_Your assignment_
Count the lines below that include the word "which" and write that number alone.

_Information provided_

(* Let $M'=M[D,K]$ be a compatible minor of the weighted uncertainty matroid $\mathcal{M}$. Let $e$ be a non-trivial element of $M'$ such that (i) $e\in B$ for some minimum-weight basis $B$ of $M'$, (ii) $w_e=U_e$, (iii) $e$ has minimum weight in $E(M')\setminus\mathrm{span}_{M'}(B\setminus\{e\})$, and (iv) $e$ has maximum query cost in $(E(M')\setminus\mathrm{span}_{M'}(B\setminus\{e\}))\cap E^U_{w_e}$. Then $M[D,K\cup\{e\}]$ is a compatible minor of $\mathcal{M}$.
   Context: A weighted uncertainty matroid $\mathcal{M}=(E,\mathcal{I},A,w)$ consists of a matroid $M=(E,\mathcal{I})$ on a finite set $E$, for each $e\in E$ a non-empty finite union $A_e$ of bounded real intervals (each open or closed), a weight $w_e\in A_e$, and a query cost $c_e\ge0$. $L_e=\inf A_e$, $U_e=\sup A_e$; $e$ is trivial if $A_e=\{w_e\}$. For a real $x$, $E^U_x=\{e\in E: U_e=x \text{ and } e \text{ non-trivial}\}$. A minimum-weight basis (MWB) is a basis minimizing total weight. A weight assignment is $w^*$ with $w^*_e\in A_e$, consistent with $Q$ if $w^*_e=w_e$ on $Q$. $Q$ verifies an MWB $B$ if for every weight assignment consistent with $Q$, $B$ is an MWB with respect to it; a certificate for $\mathcal{M}$ is a set verifying some MWB, and $c^*$ denotes the minimum cost $\sum_{e\in Q}c_e$ of a certificate for $\mathcal{M}$. For $D,K\subseteq E$, $M[D,K]$ is the matroid obtained from $M$ by deleting $D$ and contracting $K$, ground set $E(M[D,K])=E\setminus(D\cup K)$, weights restricted. $M[D,K]$ is a compatible minor if there is a set $Q$ of cost $c^*$ verifying an MWB $B$ of $\mathcal{M}$ with $K\subseteq B$, $D\cap B=\emptyset$. $\mathrm{span}_N(X)=\{e: r_N(X\cup\{e\})=r_N(X)\}$. *)

From HB Require Import structures.
From mathcomp Require Import all_boot all_order all_algebra.
From mathcomp Require Import boolp classical_sets reals.
Set Implicit Arguments. Unset Strict Implicit. Unset Printing Implicit Defensive.
Import Order.TTheory GRing.Theory Num.Theory.
Local Open Scope ring_scope.

Record matroid (T : finType) := Matroid {
  indep : {set T} -> bool;
  indep0 : indep finset.set0;
  indep_sub : forall A B : {set T}, A \subset B -> indep B -> indep A;
  indep_exch : forall A B : {set T}, indep A -> indep B -> (#|A| < #|B|)%N ->
     exists2 x, x \in B :\: A & indep (x |: A)
}.

Section MatroidDefs.
Variables (T : finType) (M : matroid T).

Definition rank (X : {set T}) : nat :=
  \max_(Y : {set T} | (Y \subset X) && indep M Y) #|Y|.

(* The minor M[D,K] = M \ D / K: ground set E \ (D u K), rank
   r_{M[D,K]}(X) = r_M(X u K) - r_M(K). *)
Definition mground (D K : {set T}) : {set T} := ~: (D :|: K).
Definition mrank (D K X : {set T}) : nat := (rank (X :|: K) - rank K)%N.
Definition mindep (D K I : {set T}) : bool :=
  (I \subset mground D K) && (mrank D K I == #|I|)%N.
Definition mbasis (D K B : {set T}) : Prop :=
  mindep D K B /\
  forall x, x \in mground D K -> x \notin B -> ~~ mindep D K (x |: B).
Definition mspan (D K X : {set T}) : {set T} :=
  [set e | mrank D K (e |: X) == mrank D K X].
End MatroidDefs.

Definition in_itv (R : realType) (I : R * R * bool) (x : R) : Prop :=
  let: (lo, hi, closed) := I in
  if closed then lo <= x <= hi else lo < x < hi.

Definition uset (R : realType) (s : seq (R * R * bool)) : set R :=
  fun x => exists2 I, I \in s & in_itv I x.

Record umatroid (R : realType) (T : finType) := UMatroid {
  mat : matroid T;
  unc : T -> seq (R * R * bool);
  wt : T -> R;
  cost : T -> R;
  unc_nonempty : forall e, exists x, uset (unc e) x;
  wt_in : forall e, uset (unc e) (wt e);
  cost_ge0 : forall e, 0 <= cost e
}.

Section UDefs.
Variables (R : realType) (T : finType) (UM : umatroid R T).
Let M := mat UM.
Let w := wt UM.
Definition Aset (e : T) : set R := uset (unc UM e).
Definition Lo (e : T) : R := inf (Aset e).
Definition Up (e : T) : R := sup (Aset e).
Definition trivial_elt (e : T) : Prop := forall x, Aset e x <-> x = w e.

Definition setw (w' : T -> R) (B : {set T}) : R := \sum_(f in B) w' f.

Definition MWB_minor (w' : T -> R) (D K B : {set T}) : Prop :=
  mbasis M D K B /\
  forall B', mbasis M D K B' -> setw w' B <= setw w' B'.
Definition MWB (w' : T -> R) (B : {set T}) : Prop := MWB_minor w' finset.set0 finset.set0 B.

Definition weight_assignment (w' : T -> R) : Prop := forall e, Aset e (w' e).
Definition consistent (Q : {set T}) (w' : T -> R) : Prop :=
  weight_assignment w' /\ forall e, e \in Q -> w' e = w e.
Definition verifies (Q B : {set T}) : Prop :=
  forall w', consistent Q w' -> MWB w' B.
Definition certificate (Q : {set T}) : Prop := exists B, verifies Q B.
Definition qcost (Q : {set T}) : R := \sum_(f in Q) cost UM f.

Definition compatible_minor (D K : {set T}) : Prop :=
  exists Q B,
    certificate Q /\ (forall Q', certificate Q' -> qcost Q <= qcost Q') /\
    verifies Q B /\ K \subset B /\ [disjoint D & B].
End UDefs.

(* Let Q be an optimal query set verifying a minimum-weight basis Bs of M with
   K <= Bs and D disjoint from Bs, and suppose e is not in Bs.  Since
   (B - e) + K + e is independent, Bs contains an f outside the span of
   (B - e) + K such that Bs - f + e is again a basis; it contains e + K, avoids
   D, and f lies in E(M') \ span(B - e), so w_e <= w_f by (iii).  As Bs is
   minimal for every assignment w' consistent with Q, always w'_f <= w'_e.
   Hence e is in Q (otherwise lowering w_e below U_e = w_e is a contradiction)
   and w_f = w_e; if f is not already fixed by Q, then U_f = w_e and (iv) gives
   c_f <= c_e.  Finally Q itself, or Q - e + f, verifies Bs - f + e at cost at
   most c^*: resetting e to w_e turns any assignment consistent with it into
   one consistent with Q, under which Bs - f + e weighs as much as Bs (as
   w_f = w_e), while the weight of Bs - f + e rises at least as much as that
   of any other basis. *)

From mathcomp Require Import all_boot all_order all_algebra.
From mathcomp Require boolp classical_sets.
From mathcomp Require Import reals.
From mathcomp Require Import zify lra.
Import Order.TTheory GRing.Theory Num.Theory.
Local Open Scope ring_scope.

Set Implicit Arguments. Unset Strict Implicit.

Section Matroid.
Variables (T : finType) (M : matroid T).
Implicit Types (D K B Bs I J S X Y Z : {set T}) (e f x : T).

Lemma rank_leq_card X : (rank M X <= #|X|)%N.
Proof. by apply/bigmax_leqP => Y /andP [sYX _]; apply: subset_leq_card. Qed.

Lemma leq_rank X Y : Y \subset X -> indep M Y -> (#|Y| <= rank M X)%N.
Proof.
move=> sYX iY; pose P Y := (Y \subset X) && indep M Y.
by apply: (@leq_bigmax_cond _ P (fun Y => #|Y|)); rewrite /P sYX iY.
Qed.

Lemma indep_rankE X : indep M X = (rank M X == #|X|).
Proof.
apply/idP/eqP => [iX | ]; first by apply/eqP; rewrite eqn_leq rank_leq_card leq_rank.
pose P Y := (Y \subset X) && indep M Y.
have P0 : P finset.set0 by rewrite /P sub0set indep0.
rewrite /rank (@bigop.bigmax_eq_arg _ _ P _ P0).
case: arg_maxnP => // Y /andP [sYX iY] _ rkY.
suff /eqP <- : Y == X by [].
by rewrite eqEcard sYX /= rkY.
Qed.

Lemma rank_indep X : indep M X -> rank M X = #|X|.
Proof. by rewrite indep_rankE => /eqP. Qed.

Lemma maximal_indep_ext X Y : X \subset Y -> indep M X ->
  exists Z, [/\ X \subset Z, Z \subset Y, indep M Z &
    forall I, I \subset Y -> indep M I -> (#|I| <= #|Z|)%N].
Proof.
move=> sXY iX; pose P Z := [&& X \subset Z, Z \subset Y & indep M Z].
have PX : P X by rewrite /P subxx sXY iX.
case: (arg_maxnP (fun Z => #|Z|) PX) => Z /and3P [sXZ sZY iZ] maxZ.
exists Z; split=> // I sIY iI; rewrite leqNgt; apply/negP => ltZI.
have [x /setDP [xI xZ] ixZ] := indep_exch iZ iI ltZI.
have /maxZ : P (x |: Z).
  by rewrite /P ixZ (subset_trans sXZ (subsetUr _ _)) subUset sub1set (subsetP sIY x xI) sZY.
by rewrite cardsU1 xZ /= add1n ltnn.
Qed.

Lemma card_indep_spanned J Y I : indep M J ->
  (forall y, y \in Y -> (y \in J) || ~~ indep M (y |: J)) ->
  I \subset J :|: Y -> indep M I -> (#|I| <= #|J|)%N.
Proof.
move=> iJ spanY sIJY iI; rewrite leqNgt; apply/negP => ltJI.
have [x /setDP [xI xJ] ixJ] := indep_exch iJ iI ltJI.
have := subsetP sIJY x xI; rewrite in_setU (negbTE xJ) => /spanY.
by rewrite (negbTE xJ) ixJ.
Qed.

Local Notation basis Bs := (mbasis M finset.set0 finset.set0 Bs).

Lemma mindep0 X : mindep M finset.set0 finset.set0 X = indep M X.
Proof.
rewrite /mindep /mground /mrank !setU0 setC0 subsetT (rank_indep (indep0 M)).
by rewrite cards0 subn0 indep_rankE.
Qed.

Lemma basisP Bs :
  basis Bs <-> indep M Bs /\ forall x, x \notin Bs -> ~~ indep M (x |: Bs).
Proof.
rewrite /mbasis mindep0; split=> [] [iBs maxBs]; split=> // x.
  by rewrite -mindep0; apply: maxBs; rewrite /mground setU0 setC0 inE.
by move=> _; rewrite mindep0; apply: maxBs.
Qed.

Lemma basis_card Bs I : basis Bs -> indep M I -> (#|I| <= #|Bs|)%N.
Proof.
case/basisP=> iBs maxBs; apply: (@card_indep_spanned _ setT) => //.
  by move=> y _; case: (boolP (y \in Bs)) => //= /maxBs.
by rewrite setUT subsetT.
Qed.

Lemma basis_exchange Bs e f : basis Bs -> f \in Bs -> e \notin Bs ->
  indep M (e |: (Bs :\ f)) -> basis (e |: (Bs :\ f)).
Proof.
move=> bBs fBs eBs iB2; apply/basisP; split=> // x xB2; apply/negP => ix.
have := basis_card bBs ix; rewrite cardsU1 xB2 cardsU1 in_setD1 (negbTE eBs) andbF.
by rewrite (cardsD1 f Bs) fBs add1n ltnn.
Qed.

Lemma indep_setU1_spanned I S e : indep M S -> indep M (e |: I) -> e \notin I ->
  (forall y, y \in S -> (y \in I) || ~~ indep M (y |: I)) -> indep M (e |: S).
Proof.
move=> iS ieI eI spanS; have iI : indep M I := indep_sub (subsetUr _ _) ieI.
have sSeSI : S \subset e |: (S :|: I) by rewrite subsetU // subsetUl orbT.
have [Z [sSZ sZeSI iZ maxZ]] := maximal_indep_ext sSeSI iS.
suff eZ : e \in Z by apply: indep_sub iZ; rewrite subUset sub1set eZ sSZ.
apply/negPn/negP => eZ.
have sZIS : Z \subset I :|: S.
  apply/subsetP => x xZ; have := subsetP sZeSI x xZ; rewrite !inE.
  by case: eqP => [xe | _] /=; [rewrite -xe xZ in eZ | rewrite orbC].
have := maxZ _ (setUS [set e] (subsetUr S I)) ieI.
by rewrite cardsU1 eI add1n ltnNge (card_indep_spanned iI spanS sZIS iZ).
Qed.
(* For every $r\in\mathbb N$ and every finite graph $G$, \[\mathrm{adm}_r(G)+1\le \mathrm{copw}_r(G)\le \mathrm{wcol}_{2r}(G)+1.\]
   Context: Graphs are finite, simple, undirected. For $r\in\mathbb N$ and $k\ge 1$, the Cops and Robber game of radius $r$ and width $k$ on $G$: let $S_0=\emptyset$ and let the robber choose $v_0\in V(G)$; in round $i\ge1$ the cops announce $S_i\subseteq V(G)$ with $|S_i|\le k$, and then the robber moves from $v_{i-1}$ to $v_i$ along a path of length at most $r$ (length $0$ allowed) containing no vertex of $S_{i-1}\cap S_i$. The cops win if $v_i\in S_i$ for some $i$. $\mathrm{copw}_r(G)$ is the least $k$ for which the cops have a winning strategy. The $r$-weak coloring number $\mathrm{wcol}_r(G)$ is the least $k$ such that there is a total order $<$ on $V(G)$ in which, for every vertex $v$, at most $k$ vertices $w<v$ are weakly $r$-reachable from $v$, i.e. there is a path of length at most $r$ from $v$ to $w$ on which $w$ is the $<$-smallest vertex. The $r$-admissibility $\mathrm{adm}_r(G)$ is the least $k$ such that there is a total order $<$ on $V(G)$ such that for every $v$ there are no more than $k$ paths of length at most $r$ starting at $v$, ending at some vertex $w<v$, and pairwise sharing only the vertex $v$. *)

From mathcomp Require Import all_boot.
From Stdlib Require Import ClassicalEpsilon.
Lemma HAmulDr (p q r : HA F n) : HAmul p (q + r) = HAmul p q + HAmul p r.
Proof.
apply/ffunP => t; rewrite !ffunE -big_split; apply: eq_bigr => a _.
rewrite -big_split; apply: eq_bigr => b _; rewrite !ffunE.
by case: ifP => _ /=; rewrite ?addr0 // (@mulrDr F) !(@mulrDl F).
Qed.

Lemma HAmulZl c (p q : HA F n) : HAmul (c *: p) q = c *: HAmul p q.
Proof.
apply/ffunP => t; rewrite !ffunE scaler_sumr; apply: eq_bigr => a _.
rewrite scaler_sumr; apply: eq_bigr => b _; rewrite !ffunE.
by case: ifP; rewrite ?scaler0 // !scalerAl.
Qed.

Lemma HAmulZr c (p q : HA F n) : HAmul p (c *: q) = c *: HAmul p q.
Proof.
apply/ffunP => t; rewrite !ffunE scaler_sumr; apply: eq_bigr => a _.
rewrite scaler_sumr; apply: eq_bigr => b _; rewrite !ffunE.
by case: ifP; rewrite ?scaler0 //= /GRing.scale /= !(@mulrA F) ((@mulrC F) (p a)).
Qed.

Lemma HAmul0l (q : HA F n) : HAmul 0 q = 0.
Proof. by have := HAmulZl 0 0 q; rewrite !scale0r. Qed.

Lemma HAmul0r (p : HA F n) : HAmul p 0 = 0.
Proof. by have := HAmulZr 0 p 0; rewrite !scale0r. Qed.

Lemma HAmul_suml I (r : seq I) (P : pred I) (G : I -> HA F n) q :
  HAmul (\sum_(i <- r | P i) G i) q = \sum_(i <- r | P i) HAmul (G i) q.
Proof. by apply: (big_morph (HAmul^~ q)) => [p p'|]; rewrite ?HAmulDl ?HAmul0l. Qed.

Lemma HAmul_sumr I (r : seq I) (P : pred I) (G : I -> HA F n) p :
  HAmul p (\sum_(i <- r | P i) G i) = \sum_(i <- r | P i) HAmul p (G i).
Proof. by apply: (big_morph (HAmul p)) => [q q'|]; rewrite ?HAmulDr ?HAmul0r. Qed.

(* The element x^i g^j (x) u^m for arbitrary exponents, reduced with x^n = 0,
   g^n = 1 and u^n = w. *)
Definition HAmon i j m : HA F n :=
  if (i < n)%N then w ^+ (m %/ n) *: HAbasis F n i (j %% n) (m %% n) else 0.

Lemma HAmon_overflow i j m : (n <= i)%N -> HAmon i j m = 0.
Proof. by rewrite /HAmon leqNgt => /negbTE ->. Qed.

_Response_
2